今日も、ニニーナは部屋にこもって、彼を救う方法を考える。
国内外から集めた様々な薬草。
精神に効能のあるものから、肉体の傷の治りを早めるもの。
即効性のあるものから、長期に渡って摂取することで効果のあるもの、違法スレスレのもの。
書物も似たようなもの。
様々に精神や肉体に作用する魔術の研究をし、新たな手法を試すうちに、国一番の治癒師と噂されるようになったけれど。
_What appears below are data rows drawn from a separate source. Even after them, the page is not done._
Lemma inner_oppl x z : inner (vopp x) z = mkC (- Re (inner x z)) (- Im (inner x z)).
Proof.
  pose proof (inner_addl x (vopp x) z) as e; rewrite vadd_opp, inner_0l in e.
  apply (f_equal Re) in e as e1; apply (f_equal Im) in e as e2; simpl in e1, e2.
  apply Ceq; simpl; lra.
Qed.

Lemma inner_addr x y z : inner z (vadd x y) = Cadd (inner z x) (inner z y).
Proof.
  rewrite (inner_sym H (vadd x y) z), inner_addl, (inner_sym H x z), (inner_sym H y z).
  apply Ceq; simpl; ring.
Qed.

Lemma inner_scalr a x z : inner z (vscal a x) = Cmul (Cconj a) (inner z x).
Proof.
  rewrite (inner_sym H (vscal a x) z), inner_scall, (inner_sym H x z).
  apply Ceq; simpl; ring.
Qed.

Lemma inner_oppr x z : inner z (vopp x) = mkC (- Re (inner z x)) (- Im (inner z x)).
Proof.
  rewrite (inner_sym H (vopp x) z), inner_oppl, (inner_sym H x z).
  apply Ceq; simpl; ring.
Qed.

Lemma Re_inner_sym x y : Re (inner y x) = Re (inner x y).
Proof. now rewrite inner_sym. Qed.

Lemma Im_inner_sym x y : Im (inner y x) = - Im (inner x y).
Proof. now rewrite inner_sym. Qed.

Lemma Im_inner_self x : Im (inner x x) = 0.
Proof. pose proof (Im_inner_sym x x); lra. Qed.

Definition sqnorm x : R := Re (inner x x).

Lemma sqnorm_ge0 x : 0 <= sqnorm x.
Proof. apply inner_pos. Qed.

Lemma sqnorm_eq0 x : sqnorm x = 0 -> x = vzero.
Proof. intro h; apply inner_def, Ceq; [exact h | apply Im_inner_self]. Qed.

Lemma vnorm_sq x : vnorm x ^ 2 = sqnorm x.
Proof. unfold vnorm; rewrite <- Rsqr_pow2; apply Rsqr_sqrt, inner_pos. Qed.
『ねぇ、ニニーナ。何でだろうねぇ。最近、凄く退屈なんだ』
ーーー彼の退屈だけは、取り除けなくて。
原因は分かってるはずなのに。
あの日、ニニーナの代わりに崖から落ちて、生死の境を彷徨ったあの時に。
頭に負った傷のせいだって。
なのに、どれだけ傷が薄くなっても、彼の頭の中に魔力の糸を伸ばしても。
『やっぱり、つまんないやぁ』
彼の張り付いたような笑顔と、虚無のような瞳だけは変わらなくて。
ーーー他の人たちは、治るのに。
気鬱も、手足の痺れも、見えなくなった目だって、人によっては治ったのに。
ただ、彼だけには届かない。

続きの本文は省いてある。